**HOW TO COMPLETE THIS TASK**
Needed from the data below: every line from the one with "immaterial. *)" up to and including the one with "have [Ib [bs", repeated exactly and with nothing else.

Saved entries:
Lemma exists_primitive {c} : I c ->
  exists G : R -> R, G c = 0 /\ forall t, I t -> is_derive t 1 G (w t).
Proof.
(* [I] may be unbounded below, so every [t] integrates from its own base
   point below [t] and [c]; by [parameterized_integralB_indep] the choice is
   immaterial. *)
move=> Ic; pose base t := xget c [set a | I a /\ a < t /\ a < c].
exists (fun t => F (base t) t - F (base t) c); split; first exact: subrr.
move=> t It.
have Imin : I (Order.min t c) by rewrite /Order.min; case: ifP.
have [a Ia] := open_exists_lt oI Imin; rewrite lt_min => /andP[at_ ac].
apply: (near_eq_is_derive (f := fun s => F a s - F a c)).
  near=> s.
  have Is : I s by near: s; exact: open_nbhs_nbhs.
  have as_ : a < s by near: s; exact: lt_nbhsr.
  have [Ib [bs bc]] : I (base s) /\ base s < s /\ base s < c.
    by apply: (@xgetPex _ c [set a | I a /\ a < s /\ a < c]); exists a.
  exact: parameterized_integralB_indep Ia Ib Is Ic as_ ac bs bc.
apply: is_derive_eq (is_derive1D (is_derive_parameterized_integral Ia It at_)
  (is_derive1N (is_derive_cst _ _ _))) _.
by rewrite oppr0 addr0.
Unshelve. all: by end_near. Qed.

End Primitive.

End IntervalCalculus.

Section CircleLift.
Context {R : realType}.

Lemma exists_angle {a b : R} : a ^+ 2 + b ^+ 2 = 1 ->
  exists x, cos x = a /\ sin x = b.
Proof.
move=> ab1; have a2 : a ^+ 2 <= 1 by rewrite -ab1 lerDl sqr_ge0.
have a1 : -1 <= a <= 1 by apply/andP; split; nra.
have acosa : cos (acos a) = a by apply: acosK; rewrite in_itv.
have sacosa : sin (acos a) = `|b|.
  by rewrite sin_acos // -ab1 addrAC subrr add0r sqrtr_sqr.
have [b0|b0] := leP 0 b.
  by exists (acos a); rewrite acosa sacosa ger0_norm.
by exists (- acos a); rewrite cosN sinN acosa sacosa ltr0_norm ?opprK.
Qed.

Lemma circle_lift (I : set R) (u v du dv w : R -> R) c :
  open I -> is_interval I -> I c ->
  (forall t, I t -> is_derive t 1 u (du t)) ->
  (forall t, I t -> is_derive t 1 v (dv t)) ->
  (forall t, I t -> u t ^+ 2 + v t ^+ 2 = 1) ->
  (forall t, I t -> w t = u t * dv t - v t * du t) ->
  (forall t, I t -> {for t, continuous w}) ->
  exists th, forall t, I t ->
    [/\ is_derive t 1 th (w t), cos (th t) = u t & sin (th t) = v t].
Proof.
move=> oI iI Ic udu vdv uv1 wE wc.
have [th0 [cth0 sth0]] := exists_angle (uv1 c Ic).
have [G [G0 Gw]] := exists_primitive oI iI wc Ic.
pose th t := th0 + G t.
have thw t : I t -> is_derive t 1 th (w t).
  move=> It; apply: is_derive_eq (is_derive1D (is_derive_cst th0 t 1) (Gw t It)) _.
  exact: add0r.
have uvd t : I t -> u t * du t + v t * dv t = 0.
  move=> It; have one : is_derive t 1 (fun s => u s * u s + v s * v s) 0.
    apply: (near_eq_is_derive (f := fun=> (1 : R))).
    by near=> s; rewrite -!expr2 uv1 //; near: s; exact: open_nbhs_nbhs.
  have := is_derive1_unique (is_derive1D (is_derive1M (udu t It) (udu t It))
    (is_derive1M (vdv t It) (vdv t It))) one.
  by move=> h; lra.
pose h t := u t * cos (th t) + v t * sin (th t).
have h1 t : I t -> h t = 1.
  move=> It; have -> : h t = h c.
    apply: (is_derive_eq0_cst_on iI) => // s Is; apply: is_derive_eq (is_derive1D
      (is_derive1M (udu s Is) (is_derive1_cos (thw s Is)))
      (is_derive1M (vdv s Is) (is_derive1_sin (thw s Is)))) _.
    rewrite wE //; transitivity ((u s * du s + v s * dv s) * h s +
      (1 - (u s ^+ 2 + v s ^+ 2)) * (du s * cos (th s) + dv s * sin (th s))).
      by rewrite /h; ring.
    by rewrite uvd // uv1 // subrr; ring.
  by rewrite /h /th G0 addr0 cth0 sth0 -!expr2 uv1.
exists th => t It.
have : (u t - cos (th t)) ^+ 2 + (v t - sin (th t)) ^+ 2 = 0.
  transitivity ((u t ^+ 2 + v t ^+ 2) + (cos (th t) ^+ 2 + sin (th t) ^+ 2)
    - 2 * h t); first by rewrite /h; ring.
  by rewrite uv1 // cos2Dsin2 h1 //; ring.
move/eqP; rewrite paddr_eq0 ?sqr_ge0 // !sqrf_eq0 !subr_eq0.
move=> /andP[/eqP-> /eqP->].
by split=> //; exact: thw t It.
Unshelve. all: by end_near. Qed.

**SOLUTION**
   immaterial. *)
move=> Ic; pose base t := xget c [set a | I a /\ a < t /\ a < c].
exists (fun t => F (base t) t - F (base t) c); split; first exact: subrr.
move=> t It.
have Imin : I (Order.min t c) by rewrite /Order.min; case: ifP.
have [a Ia] := open_exists_lt oI Imin; rewrite lt_min => /andP[at_ ac].
apply: (near_eq_is_derive (f := fun s => F a s - F a c)).
  near=> s.
  have Is : I s by near: s; exact: open_nbhs_nbhs.
  have as_ : a < s by near: s; exact: lt_nbhsr.
  have [Ib [bs bc]] : I (base s) /\ base s < s /\ base s < c.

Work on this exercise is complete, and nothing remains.